**SOURCE DATA:**
···

(* Let $(B,\sqsubseteq)$ be an ordered functor such that $B$ has a cofree comonad, and let $f,g\colon X\to BX$ be $B$-coalgebras on a common carrier $X$. If $f(x)\sqsubseteq_{BX} g(x)$ for all $x\in X$, then $f^\infty(x)\lesssim_{B^\infty X} g^\infty(x)$ for all $x\in X$.
   Context: An ordered functor $(B,\sqsubseteq)$ is a functor $B\colon\mathsf{Set}\to\mathsf{Set}$ together with a preorder $\sqsubseteq_{BX}$ on $BX$ for every set $X$, such that $Bf\colon BX\to BY$ is monotone for every function $f\colon X\to Y$. For a relation $R\subseteq X\times Y$ with projections $\pi_1,\pi_2$, $\mathsf{Rel}(B)(R)=\{(b,c)\in BX\times BY\mid \exists d\in BR.\ B\pi_1(d)=b,\ B\pi_2(d)=c\}$ and $\mathsf{Rel}_{\sqsubseteq}(B)(R)=\{(b,c)\mid \exists b',c'.\ b\sqsubseteq_{BX}b',\ (b',c')\in\mathsf{Rel}(B)(R),\ c'\sqsubseteq_{BY}c\}$. Given coalgebras $f\colon X\to BX$, $g\colon Y\to BY$, a relation $R\subseteq X\times Y$ is a simulation if $(f(x),g(y))\in\mathsf{Rel}_{\sqsubseteq}(B)(R)$ for all $(x,y)\in R$; similarity is the greatest simulation. Cofree comonad: for each set $X$ there is a set $B^\infty X$ with maps $\theta_X\colon B^\infty X\to BB^\infty X$ and $\epsilon_X\colon B^\infty X\to X$ such that $\langle\theta_X,\epsilon_X\rangle$ is a final coalgebra for the functor $B(-)\times X$. For a coalgebra $f\colon X\to BX$, its coinductive extension $f^\infty\colon X\to B^\infty X$ is the unique $B(-)\times X$-coalgebra morphism from $\langle f,\mathrm{id}_X\rangle$ to $\langle\theta_X,\epsilon_X\rangle$. The functor $B(-)\times X$ is ordered by $(b,x)\,\widetilde{\sqsubseteq}\,(c,y)$ iff $b\sqsubseteq c$ (in $BW$) and $x=y$; $\lesssim_{B^\infty X}$ denotes the similarity of the coalgebra $\langle\theta_X,\epsilon_X\rangle$ with itself with respect to the ordered functor $(B(-)\times X,\widetilde{\sqsubseteq})$. *)

Set Implicit Arguments.

Record Functor := {
  F_obj :> Type -> Type;
  fmap : forall X Y : Type, (X -> Y) -> F_obj X -> F_obj Y;
  fmap_id : forall (X : Type) (b : F_obj X), fmap (fun x : X => x) b = b;
  fmap_comp : forall (X Y Z : Type) (f : X -> Y) (g : Y -> Z) (b : F_obj X),
      fmap (fun x => g (f x)) b = fmap g (fmap f b)
}.
Arguments fmap {_ _ _} _ _.

Record OrderedFunctor := {
  OF_functor :> Functor;
  ofle : forall X : Type, OF_functor X -> OF_functor X -> Prop;
  ofle_refl : forall X (b : OF_functor X), ofle X b b;
  ofle_trans : forall X (a b c : OF_functor X), ofle X a b -> ofle X b c -> ofle X a c;
  ofle_mono : forall X Y (f : X -> Y) (a b : OF_functor X),
      ofle X a b -> ofle Y (fmap f a) (fmap f b)
}.
Arguments ofle {_ _} _ _.

(** Relation lifting, stated for an arbitrary "functor action"
    (G, gmap) and order gle, so it can be instantiated both with B
    and with B(-) x X. *)
Definition relGraph (X Y : Type) (R : X -> Y -> Prop) : Type :=
  { p : X * Y | R (fst p) (snd p) }.
Definition pi1 X Y (R : X -> Y -> Prop) (p : relGraph R) : X := fst (proj1_sig p).
Definition pi2 X Y (R : X -> Y -> Prop) (p : relGraph R) : Y := snd (proj1_sig p).

Definition RelLift (G : Type -> Type)
  (gmap : forall A C : Type, (A -> C) -> G A -> G C)
  (X Y : Type) (R : X -> Y -> Prop) (b : G X) (c : G Y) : Prop :=
  exists d : G (relGraph R),
    gmap _ _ (@pi1 X Y R) d = b /\ gmap _ _ (@pi2 X Y R) d = c.

Definition RelLiftLe (G : Type -> Type)
  (gmap : forall A C : Type, (A -> C) -> G A -> G C)
  (gle : forall A : Type, G A -> G A -> Prop)
  (X Y : Type) (R : X -> Y -> Prop) (b : G X) (c : G Y) : Prop :=
  exists (b' : G X) (c' : G Y),
    gle X b b' /\ @RelLift G gmap X Y R b' c' /\ gle Y c' c.

Definition simulation (G : Type -> Type)
  (gmap : forall A C : Type, (A -> C) -> G A -> G C)
  (gle : forall A : Type, G A -> G A -> Prop)
  (X Y : Type) (f : X -> G X) (g : Y -> G Y) (R : X -> Y -> Prop) : Prop :=
  forall x y, R x y -> @RelLiftLe G gmap gle X Y R (f x) (g y).

Definition similar (G : Type -> Type)
  (gmap : forall A C : Type, (A -> C) -> G A -> G C)
  (gle : forall A : Type, G A -> G A -> Prop)
  (X Y : Type) (f : X -> G X) (g : Y -> G Y) (x : X) (y : Y) : Prop :=
  exists R : X -> Y -> Prop, @simulation G gmap gle X Y f g R /\ R x y.

Definition BxF (B : OrderedFunctor) (X : Type) (W : Type) : Type := (B W * X)%type.
Definition BxF_map (B : OrderedFunctor) (X : Type) (A C : Type) (h : A -> C)
  (p : BxF B X A) : BxF B X C := (fmap h (fst p), snd p).
Definition BxF_le (B : OrderedFunctor) (X : Type) (W : Type)
  (p q : BxF B X W) : Prop := ofle (fst p) (fst q) /\ snd p = snd q.

Definition is_BxF_morphism (B : OrderedFunctor) (X Y T : Type)
  (theta : T -> B T) (eps : T -> X) (c : Y -> BxF B X Y) (h : Y -> T) : Prop :=
  forall y, (theta (h y), eps (h y)) = @BxF_map B X Y T h (c y).

(** B has a cofree comonad: for each set X, a final B(-) x X coalgebra
    <theta_X, eps_X> on B^infty X. *)
Record CofreeComonad (B : OrderedFunctor) := {
  Binf : Type -> Type;
  theta : forall X : Type, Binf X -> B (Binf X);
  eps : forall X : Type, Binf X -> X;
  cofree_final : forall (X Y : Type) (c : Y -> BxF B X Y),
    (exists h : Y -> Binf X, @is_BxF_morphism B X Y (Binf X) (@theta X) (@eps X) c h) /\
    (forall h1 h2 : Y -> Binf X,
        @is_BxF_morphism B X Y (Binf X) (@theta X) (@eps X) c h1 ->
        @is_BxF_morphism B X Y (Binf X) (@theta X) (@eps X) c h2 ->
        forall y, h1 y = h2 y)
}.

Definition pairId (B : OrderedFunctor) (X : Type) (f : X -> B X) : X -> BxF B X X :=
  fun x => (f x, x).

Definition is_coind_ext (B : OrderedFunctor) (C : CofreeComonad B) (X : Type)
  (f : X -> B X) (h : X -> Binf C X) : Prop :=
  @is_BxF_morphism B X X (Binf C X) (@theta B C X) (@eps B C X) (@pairId B X f) h.

Definition simBinf (B : OrderedFunctor) (C : CofreeComonad B) (X : Type)
  (s t : Binf C X) : Prop :=
  let coalg : Binf C X -> BxF B X (Binf C X) :=
    fun u => (@theta B C X u, @eps B C X u) in
  @similar (BxF B X) (@BxF_map B X) (@BxF_le B X) _ _ coalg coalg s t.


(* The relation {(f^infty x, g^infty x) | x in X} is a simulation.  Unfolding
   both extensions, the B-parts are B f^infty (f x) and B g^infty (g x);
   monotonicity of B f^infty moves the first up to B f^infty (g x), and that
   pair is the image of the single witness g x in B X, hence lies in the
   lifting of the relation. *)

Definition pairRel {Z S T : Type} (h : Z -> S) (k : Z -> T) (s : S) (t : T) : Prop :=
  exists z, s = h z /\ t = k z.

Lemma RelLift_fmap_pairRel (F : Functor) (Z S T : Type) (h : Z -> S) (k : Z -> T)
  (b : F Z) :
  RelLift F (fun A C => @fmap F A C) (pairRel h k) (fmap h b) (fmap k b).
Proof.
  set (toGraph := fun z : Z =>
         exist (fun p : S * T => pairRel h k (fst p) (snd p))
               (h z, k z) (ex_intro _ z (conj eq_refl eq_refl))).
  exists (fmap toGraph b); split; rewrite <- fmap_comp; reflexivity.
Qed.

Lemma RelLift_BxF (B : OrderedFunctor) (X S T : Type) (R : S -> T -> Prop)
  (b : B S) (c : B T) (x : X) :
  RelLift B (fun A C => @fmap B A C) R b c ->
  RelLift (BxF B X) (@BxF_map B X) R (b, x) (c, x).
Proof.
  intros [d [Hb Hc]].
  exists (d, x); unfold BxF_map; simpl; rewrite Hb, Hc; split; reflexivity.
Qed.

Lemma BxF_le_refl (B : OrderedFunctor) (X W : Type) (p : BxF B X W) :
  BxF_le p p.
Proof. split; [apply ofle_refl | reflexivity]. Qed.

Section CoinductiveExtension.

Context {B : OrderedFunctor} {C : CofreeComonad B} {X : Type}.

Lemma coind_ext_unfold {f : X -> B X} {h : X -> Binf C X} (x : X) :
  is_coind_ext C f h -> theta C X (h x) = fmap h (f x) /\ eps C X (h x) = x.
Proof.
  intros Hh; specialize (Hh x); unfold pairId, BxF_map in Hh; simpl in Hh.
  injection Hh; split; assumption.
Qed.

Lemma coind_ext_pointwise_le_simulation {f g : X -> B X} {finf ginf : X -> Binf C X} :
  is_coind_ext C f finf -> is_coind_ext C g ginf ->
  (forall x, ofle (f x) (g x)) ->
  simulation (BxF B X) (@BxF_map B X) (@BxF_le B X)
    (fun u => (theta C X u, eps C X u)) (fun u => (theta C X u, eps C X u))
    (pairRel finf ginf).
Proof.
  intros Hf Hg Hle s t [x [-> ->]].
  destruct (coind_ext_unfold x Hf) as [Hf_theta Hf_eps].
  destruct (coind_ext_unfold x Hg) as [Hg_theta Hg_eps].
  exists (fmap finf (g x), x), (fmap ginf (g x), x).
  split; [| split].
  - split; simpl; [rewrite Hf_theta; apply ofle_mono, Hle | exact Hf_eps].
  - apply RelLift_BxF, RelLift_fmap_pairRel.
  - rewrite Hg_theta, Hg_eps; apply BxF_le_refl.
Qed.

End CoinductiveExtension.

Theorem mainTheorem3 (B : OrderedFunctor) (C : CofreeComonad B) (X : Type)
  (f g : X -> B X) (finf ginf : X -> Binf C X) :
  @is_coind_ext B C X f finf ->
  @is_coind_ext B C X g ginf ->
  (forall x : X, ofle (f x) (g x)) ->
  forall x : X, @simBinf B C X (finf x) (ginf x).
Proof.
  intros Hf Hg Hle x.
  exists (pairRel finf ginf); split.
  - exact (coind_ext_pointwise_le_simulation Hf Hg Hle).
  - exists x; split; reflexivity.
Qed.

···

**EXERCISE:** From the material above, retype precisely the lines between the line holding "is_coind_ext C f h" and the line holding "End CoinductiveExtension.", inclusive, and nothing beyond them.

**ANSWER TO THIS EXERCISE:**
  is_coind_ext C f h -> theta C X (h x) = fmap h (f x) /\ eps C X (h x) = x.
Proof.
  intros Hh; specialize (Hh x); unfold pairId, BxF_map in Hh; simpl in Hh.
  injection Hh; split; assumption.
Qed.

Lemma coind_ext_pointwise_le_simulation {f g : X -> B X} {finf ginf : X -> Binf C X} :
  is_coind_ext C f finf -> is_coind_ext C g ginf ->
  (forall x, ofle (f x) (g x)) ->
  simulation (BxF B X) (@BxF_map B X) (@BxF_le B X)
    (fun u => (theta C X u, eps C X u)) (fun u => (theta C X u, eps C X u))
    (pairRel finf ginf).
Proof.
  intros Hf Hg Hle s t [x [-> ->]].
  destruct (coind_ext_unfold x Hf) as [Hf_theta Hf_eps].
  destruct (coind_ext_unfold x Hg) as [Hg_theta Hg_eps].
  exists (fmap finf (g x), x), (fmap ginf (g x), x).
  split; [| split].
  - split; simpl; [rewrite Hf_theta; apply ofle_mono, Hle | exact Hf_eps].
  - apply RelLift_BxF, RelLift_fmap_pairRel.
  - rewrite Hg_theta, Hg_eps; apply BxF_le_refl.
Qed.

End CoinductiveExtension.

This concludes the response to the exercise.